If $|t^*| \gt t(1-\alpha/2;n-2)$, conclude $H_a$

In [1]:
import numpy as np
from scipy import stats

r12=0.61
n=84

tstar=(r12*np.sqrt(n-2))/np.sqrt(1-r12**2)
alpha=0.05
t=stats.t.ppf(1-alpha/2,n-2)

# fancy display of realtionships
tstar0=format(tstar,'.3f');t0=format(t,'.3f');

from IPython.display import display, Math, Latex
display(Math(r't^*='+str(tstar0)))
display(Math(r't='+str(t0)))

$$t^*=6.971$$
$$t=1.989$$

We observe $|t^*| \gt t(1-\alpha/2;n-2)$, therefore we conclude $H_a$ i.e., Y_1 and Y_2 are not independent

### (b)¶

Interval estimation of $\rho_{12}$ using the $z'$ transformation

Fisher transformation:

$z' = \frac{1}{2}\ln\frac{1+r_{12}}{1-r_{12}} = \tanh^{-1}(r_{12})$

$E(z) = \zeta = \frac{1}{2}\ln\frac{1+\rho_{12}}{1-\rho_{12}} = \tanh^{-1}(\rho_{12})$

$\sigma(z') = \frac{1}{\sqrt{n-3}}$

And the $1-\alpha$ interval for $\zeta$ is:

$z' \pm z(1-\alpha/2)\sigma(z')$

To get the intervals for $\rho_{12}$ we use the transformation

$\rho_{12}=\tanh{\zeta}$ and $r_{12}=\tanh{z'}$

In [2]:
z_prime = np.arctanh(r12)
z = stats.norm.ppf(1 - (alpha/2))
sigma_of_z = 1/np.sqrt(n - 3)

ub0=z_prime + z*sigma_of_z;lb0=z_prime - z*sigma_of_z;
r12_uplim = np.tanh(ub0);r12_lowlim = np.tanh(lb0)

r12_uplim0 = format(r12_uplim,'.3f'); r12_lowlim0=format(r12_lowlim, '.3f')
from IPython.display import display, Math, Latex
display(Latex(r'The $95\%$ confidence interval for $\rho_{12}$ is  ' ))
display(Math( '['+str(r12_lowlim0)+r' ~,~ '+str(r12_uplim0)+']'))

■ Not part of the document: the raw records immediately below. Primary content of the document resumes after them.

(* Let $\mu>1$, $\gamma=\mu\gamma_1^N$, $0<\alpha<1/4$, $\rho_k=4k^\alpha$. Define, for $z\in\widehat{\mathbb{R}}^N$, $$R(z)=\widetilde G_N(z)+\tfrac14-(z_0+1)^2-\tfrac12\sum_{k=1}^{N-1}\nu_{k,N}|z_k|^2.$$ There exist constants $A_9<\infty$ and $\delta_0>0$ such that for all $N\ge3$, all $0<\delta<\delta_0$ and all $z\in C_\delta(I_-)$, $|R(z)|\le A_9\delta^3$, where $C_\delta(I_-)=\{z\in\widehat{\mathbb{R}}^N:|z_0+1|\le\delta/\sqrt2,\ |z_k|\le\delta r_{k,N}/\sqrt{\nu_{k,N}}\ \text{for }1\le k\le N-1\}$.
   Context: Indices modulo $N$; $F_{\gamma,N}(x)=\sum_{i=0}^{N-1}(\tfrac14x_i^4-\tfrac12x_i^2)+\tfrac\gamma4\sum_{i=0}^{N-1}(x_i-x_{i+1})^2$; $\gamma_1^N=\frac1{2\sin^2(\pi/N)}$; $G_N=N^{-1}F_{\gamma,N}$; $\lambda_{k,N}=-1+2\gamma\sin^2(k\pi/N)$ and $\nu_{k,N}=\lambda_{k,N}+3$ (eigenvalues of $\nabla^2F_{\gamma,N}$ at $I_\pm=\pm(1,\dots,1)$; $\nu_{0,N}=2$). $\omega=e^{2\pi i/N}$; $\widehat{\mathbb{R}}^N=\{z\in\mathbb{C}^N:z_k=\overline{z_{N-k}}\}$; $x_j(Nz)=\sum_k\omega^{jk}z_k$; $\widetilde G_N(z)=G_N(x(Nz))$; in these coordinates $I_-$ corresponds to $z=(-1,0,\dots,0)$. $r_{k,N}=r_{N-k,N}=\rho_k$ for $1\le k\le\lfloor N/2\rfloor$. *)

From Stdlib Require Export Reals Lra Lia.
Open Scope R_scope.

Fixpoint rsum (n : nat) (f : nat -> R) : R :=
  match n with
  | O => 0
  | S m => rsum m f + f m
  end.

Definition gamma1 (N : nat) : R := / (2 * (sin (PI / INR N)) ^ 2).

The $95\%$ confidence interval for $\rho_{12}$ is
$$[0.455 ~,~ 0.729]$$

### (c)¶

In [3]:
r12_uplim0 = format(r12_uplim**2,'.3f'); r12_lowlim0=format(r12_lowlim**2, '.3f')

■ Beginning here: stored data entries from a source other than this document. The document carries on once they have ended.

(* Let $A$ be a real symmetric nonsingular $n\times n$ matrix and let $L$ be a linear subspace of $\mathbb R^n$ with orthogonal complement $L^*$. Suppose $A$ is positive definite on $L$ (i.e. $\mathbf x^TA\mathbf x>0$ for all nonzero $\mathbf x\in L$) and $A^{-1}$ is positive definite on $L^*$ (i.e. $\mathbf y^TA^{-1}\mathbf y>0$ for all nonzero $\mathbf y\in L^*$). Then $A$ is positive definite. *)

From mathcomp Require Import all_boot all_order all_algebra.
Set Implicit Arguments. Unset Strict Implicit. Unset Printing Implicit Defensive.
Import GRing.Theory Num.Theory.
Local Open Scope ring_scope.

Definition qform (R : realFieldType) (n : nat) (A : 'M[R]_n) (x : 'rV[R]_n) : R :=
  (x *m A *m x^T) 0 0.

(* A subspace L of R^n is represented (as in mxalgebra) by a matrix whose row
   space is L; x \in L iff (x <= L)%MS. *)
Definition in_orth (R : realFieldType) (n m : nat) (L : 'M[R]_(m, n)) (y : 'rV[R]_n) : Prop :=
  L *m y^T = 0.

Definition posdef_on (R : realFieldType) (n : nat) (A : 'M[R]_n) (P : 'rV[R]_n -> Prop) : Prop :=
  forall x : 'rV[R]_n, P x -> x != 0 -> 0 < qform A x.

Definition posdef (R : realFieldType) (n : nat) (A : 'M[R]_n) : Prop :=
  posdef_on A (fun _ => True).

From mathcomp Require Import all_boot all_order all_algebra ring.
Import Order.TTheory GRing.Theory Num.Theory.
Local Open Scope ring_scope.
Set Implicit Arguments. Unset Strict Implicit.

(* Every z decomposes as z = x + y A^-1 with x in L and y in L^*: the space
   L^* A^-1 meets L trivially (a vector v = y A^-1 of L has v A v^T = v y^T = 0)
   and has the complementary dimension.  The cross term x A (y A^-1)^T = x y^T
   vanishes, so z A z^T = x A x^T + y A^-1 y^T, a sum of two nonnegative terms
   that are not both zero when z != 0. *)

Lemma mulmx_tr_orth (R : fieldType) (n m : nat) (L : 'M[R]_(m, n)) (x y : 'rV[R]_n) :
  (x <= L)%MS -> L *m y^T = 0 -> x *m y^T = 0.
Proof. by move=> /submxP[u ->] Ly; rewrite -mulmxA Ly mulmx0. Qed.

Lemma in_orth_ker (R : realFieldType) (n m : nat) (L : 'M[R]_(m, n)) (u : 'rV[R]_n) :
  in_orth L (u *m kermx L^T).
Proof.
by rewrite /in_orth trmx_mul mulmxA -{1}(trmxK L) -trmx_mul mulmx_ker trmx0 mul0mx.
Qed.

Lemma qform0 (R : realFieldType) (n : nat) (A : 'M[R]_n) : qform A 0 = 0.
Proof. by rewrite /qform !mul0mx mxE. Qed.

Lemma posdef_on_ge0 (R : realFieldType) (n : nat) (A : 'M[R]_n) P x :
  posdef_on A P -> P x -> 0 <= qform A x.
Proof.
move=> PA Px; have [->|x_neq0] := eqVneq x 0; first by rewrite qform0.
exact/ltW/PA.
Qed.

Lemma qformD (R : realFieldType) (n : nat) (A : 'M[R]_n) (x w : 'rV[R]_n) :
  A^T = A -> qform A (x + w) = qform A x + qform A w + (x *m A *m w^T) 0 0 *+ 2.
Proof.
move=> symA; have wAx : w *m A *m x^T = (x *m A *m w^T)^T.
  by rewrite !trmx_mul trmxK symA mulmxA.
rewrite /qform linearD !mulmxDl !mulmxDr wAx !mxE /=.
ring.
Qed.

Lemma row_full_addsmx (F : fieldType) (m1 m2 n : nat) (U : 'M[F]_(m1, n)) (V : 'M[F]_(m2, n)) :
  (U :&: V = 0)%MS -> (n <= \rank U + \rank V)%N -> row_full (U + V)%MS.
Proof. by move=> UV0; rewrite -mxrank_sum_cap UV0 mxrank0 addn0 col_leq_rank. Qed.

Section SymmetricInverse.

Variables (R : realFieldType) (n m : nat) (A : 'M[R]_n) (L : 'M[R]_(m, n)).
Hypotheses (symA : A^T = A) (unitA : A \in unitmx).

Local Notation K := (kermx L^T *m invmx A).

Lemma trmx_invmx_sym : (invmx A)^T = invmx A.
Proof. by rewrite trmx_inv symA. Qed.

Lemma qform_mulmx_inv (y : 'rV[R]_n) : qform A (y *m invmx A) = qform (invmx A) y.
Proof.
by rewrite /qform trmx_mul trmx_invmx_sym -(mulmxA y) mulVmx // mulmx1 mulmxA.
Qed.

Lemma mulmx_inv_orth (x y : 'rV[R]_n) :
  (x <= L)%MS -> in_orth L y -> x *m A *m (y *m invmx A)^T = 0.
Proof.
move=> xL Ly; rewrite trmx_mul trmx_invmx_sym mulmxA -(mulmxA x) mulmxV //.
by rewrite mulmx1 (mulmx_tr_orth xL).
Qed.

Lemma submx_compl (v : 'rV[R]_n) :
  (v <= K)%MS -> exists2 y, in_orth L y & v = y *m invmx A.
Proof.
by move=> /submxP[u ->]; exists (u *m kermx L^T); [apply: in_orth_ker | rewrite mulmxA].
Qed.

Hypothesis posL : posdef_on A (fun x => (x <= L)%MS).

Lemma capmx_compl0 : (L :&: K = 0)%MS.
Proof.
apply/eqP; rewrite -submx0; apply/rV_subP => v; rewrite sub_capmx submx0.
case/andP=> vL /submx_compl[y Ly def_v].
have qv0 : qform A v = 0 by rewrite /qform {2}def_v mulmx_inv_orth ?mxE.
apply: contraT => v_neq0.
by have := posL vL v_neq0; rewrite qv0 ltxx.
Qed.

Lemma row_full_addsmx_compl : row_full (L + K)%MS.
Proof.
apply: row_full_addsmx capmx_compl0 _.
rewrite mxrankMfree ?row_free_unit ?unitmx_inv // mxrank_ker mxrank_tr.
by rewrite subnKC // rank_leq_col.
Qed.

Lemma orth_compl_decomp (z : 'rV[R]_n) :
  exists x y, [/\ (x <= L)%MS, in_orth L y & z = x + y *m invmx A].
Proof.
have /sub_addsmxP[[u1 u2] /= ->] := submx_full z row_full_addsmx_compl.
have [y Ly ->] := submx_compl (submxMl u2 K).
by exists (u1 *m L), y; rewrite submxMl.
Qed.

End SymmetricInverse.

Theorem theorem3p4 (R : realFieldType) (n m : nat) (A : 'M[R]_n) (L : 'M[R]_(m, n)) :
  A^T = A ->
  A \in unitmx ->
  posdef_on A (fun x => (x <= L)%MS) ->
  posdef_on (invmx A) (fun y => in_orth L y) ->
  posdef A.
Proof.
move=> symA unitA posL posLorth z _ z_neq0.
have [x [y [xL Ly def_z]]] := orth_compl_decomp symA unitA posL z.
have qz : qform A z = qform A x + qform (invmx A) y.
  rewrite def_z qformD // (mulmx_inv_orth symA unitA xL Ly) mxE mul0rn addr0.
  by rewrite qform_mulmx_inv.
rewrite qz; have [x0|x_neq0] := eqVneq x 0.
  rewrite x0 qform0 add0r; apply: posLorth => //.
  by apply: contra z_neq0 => /eqP y0; rewrite def_z x0 y0 mul0mx addr0.
by rewrite ltr_wpDr ?(posdef_on_ge0 posLorth) ?posL.
Qed.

from IPython.display import display, Math, Latex
display(Latex(r'The $95\%$ confidence interval for $\rho^2_{12}$ is  ' ))
display(Math( '['+str(r12_lowlim0)+r' ~,~ '+str(r12_uplim0)+']'))

The $95\%$ confidence interval for $\rho^2_{12}$ is
$$[0.207 ~,~ 0.532]$$

$\rho^2_{12}$ may be interpreted as proportionate reduction of total variance of one variable associated with use of the other variable. Here if we use the variable $Y_1$ (value of contract) then with 95% confidence we can explain between 20.7% to 53.2% of the variability in $Y_2$ (profit contribution generated by the contract). As in correlation model both variables are treated as symmetric therefore this statement will be true even if we interchange the variables.

## Problem 2¶

In [4]:
from read_data_fx import read_tb_data
# Percentage of individuals with high school diploma is X
Y1=data[:,1]
# Crime rate is Y
Y2=data[:,0];


### (a)¶

In [5]:
# Pearson product-moment correlation coefficient function

def pearson_corrX(Y1,Y2):
barY1=np.mean(Y1); barY2=np.mean(Y2)
Y1minusbarY1=Y1-barY1; Y2minusbarY2=Y2-barY2
r12=np.sum(Y1minusbarY1*Y2minusbarY2)/np.sqrt(np.sum(Y1minusbarY1**2)*np.sum(Y2minusbarY2**2))
return r12

In [6]:
r12=pearson_corrX(Y1,Y2)
r12_0 = format(r12,'.4f');

display(Latex(r'Pearson product-moment correlation coefficient'))
display(Math('r_{12}= '+str(r12_0)))

Pearson product-moment correlation coefficient
$$r_{12}= -0.4127$$

### (b)¶

Alternatives for the tests are

$H_0: \rho_{12} = 0$ (crime rate and percentage of individuals with high school diploma are independent)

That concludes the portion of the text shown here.